Kamal NM et al. [5] reported a case similar to ours where they located an ovary dysgerminoma in a 7-year-old girl with transvaginal bleeding but without association with MRKH syndrome. Similarly, Miura R. et al. [6] reports a case of dysgerminoma in an ectopic ovary associated with WAGR syndrome (Wilms’ tumor, aniridia, genitourinary anomalies and mental retardation) of genetic origin without association with the MRKH syndrome.

It is known that malignant ovarian tumors such as disgeminoma may be associated with patients with pure gondadal dysgenesis (46 XY B/L streak gonads), mixed gonadal dysgenesis (45 X / 46 XY, U / L streak gonad, C / L testis ) and testicular feminization syndrome [7].

In a study of Oppelt PG et al. [8] in 284 patients with MRKH syndrome and malformations found complete vaginal and cervical atresia in all of them with variable malformations in uterus and appendages; in addition, they observed a variety of malformations, mainly renal. In our case postoperative computed tomography showed no renal damage. BjørsumMeyer T et al. [9] reports an interesting case with multiple malformations: vertebral defects, anal atresia, cardiac defects, tracheoesophageal fistula, esophageal atresia, renal defect, limb defects in association with MRKH syndrome. Similarly, our case did not present associated malformations of any type, which leads to MRKH type 1.Only Mishina A et al. [10] report a case similar to ours because is very rare.

On the other hand, Fiaschetti V et al. [11] emphasize that Nuclear Magnetic Resonance (NMR) is the non-invasive choice study with a higher sensitivity and specificity than ultrasound and is a complementary tool of diagnostic laparotomy when this diagnosis is suspected previously which was not suspected like our case until a diagnostic laparotomy was performed. On the other hand, Yoo R-E et al. [12] in their analysis on the usefulness of NMR vs. diagnostic laparoscopy found that the former is superior because it can detail the underlying abnormalities much better than laparoscopy. But, Dragusin et al. [13] in their study establish that laparoscopy is superior to MRI by defining more accurately the anatomical characteristics of MRKH syndrome.

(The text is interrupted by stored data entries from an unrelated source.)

Lemma deficit_subset_eq r r' : lhyper n r -> lhyper n r' ->
  (forall i, deficit n r' i -> deficit n r i) ->
  ~~ has (fun i => deficit n r i && ~~ deficit n r' i) (iota 1 h) -> r = r'.
Proof.
move=> hr hr' sub nd; apply: (deficit_inj hr hr') => i; apply/idP/idP => [di|/sub //].
apply: contraNT nd => ndi; apply/hasP; exists i; rewrite ?di //.
by have [s1 _ _] := deficit_ideal hr; rewrite mem_iota; have := s1 i di; lia.
Qed.

(* Removing a maximal element of the deficit set of [r] that [r'] lacks. *)
Lemma deficit_subset_step r r' : lhyper n r -> lhyper n r' ->
  (forall i, deficit n r' i -> deficit n r i) ->
  has (fun i => deficit n r i && ~~ deficit n r' i) (iota 1 h) ->
  exists r1, [/\ lhyper n r1, larc r r1,
    count (deficit n r) (iota 1 h) = (count (deficit n r1) (iota 1 h)).+1 &
    forall i, deficit n r' i -> deficit n r1 i].
Proof.
move=> hr hr' sub /hasP [i _ /andP [di ndi]].
have [t [dt ht ndt]] := ideal_diff_maximal (deficit_ideal hr) (deficit_ideal hr') di ndi.
have [r1 [hr1 a e]] := exists_larc_del hr dt ht.
exists r1; split=> //.
- rewrite (eq_count e) (@count_del _ t _ (iota_uniq 1 h)) // mem_iota.
  by have [s1 _ _] := deficit_ideal hr; have := s1 t dt; lia.
- by move=> k dk; rewrite e /del (sub k dk); apply: contraNneq ndt => <-.
Qed.

Lemma reach_deficit r r' : lhyper n r -> lhyper n r' ->
  reach n r r' <-> forall i, deficit n r' i -> deficit n r i.
Proof.
move=> hr hr'; split=> [/reach_subset //|].
move Ec: (count (deficit n r) (iota 1 h)) => c.
elim: c r hr Ec => [|c IH] r hr Ec sub;
  case: (boolP (has (fun i => deficit n r i && ~~ deficit n r' i) (iota 1 h))) => hd;
  try by rewrite (deficit_subset_eq hr hr' sub hd); apply: reach_refl.
- by have [r1 [_ _ c0 _]] := deficit_subset_step hr hr' sub hd; rewrite Ec in c0.
- have [r1 [hr1 a c1 sub1]] := deficit_subset_step hr hr' sub hd.
  by apply: (reach_step hr hr1 a); apply: IH => //; rewrite Ec in c1; case: c1.
Qed.

Lemma reach_principal rj rk j k : 0 < j <= h -> lhyper n rj -> lhyper n rk ->
  deficit n rj =1 principal (bit n) h j -> deficit n rk =1 principal (bit n) h k ->
  reach n rk rj <-> fence_le (bit n) j k.
Proof.
move=> hj hrj hrk ej ek; rewrite reach_deficit // -(principal_subset _ k hj).
by split=> sub i; move: (sub i); rewrite ej ek.
Qed.

End EvenDeficits.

Acién P et al. [14] consider that for the best diagnosis and treatment of these abnormalities the use of an embryological system to catalog these abnormalities correlates with clinical presentation, in addition to the use of NMR. Drummond JB et al. [15] conducted a study on β-catenin in the DNA of patients with MRKH in order to locate some genetic defect without finding evidence of such defect.

Genetic origin has been extensively documented in multiple studies and cases, for example: Bernardini et al. [16] reports two cases with identical deletion of chromosome 17q12. Nodale et al. [17] found that a consistent over expression of the HOXC8 gene could be a compensatory mechanism to decrease the expression of other genes, which may limit the occurrence of other malformations, especially those involving the renal system and then produce a phenotype (type 1MRKH).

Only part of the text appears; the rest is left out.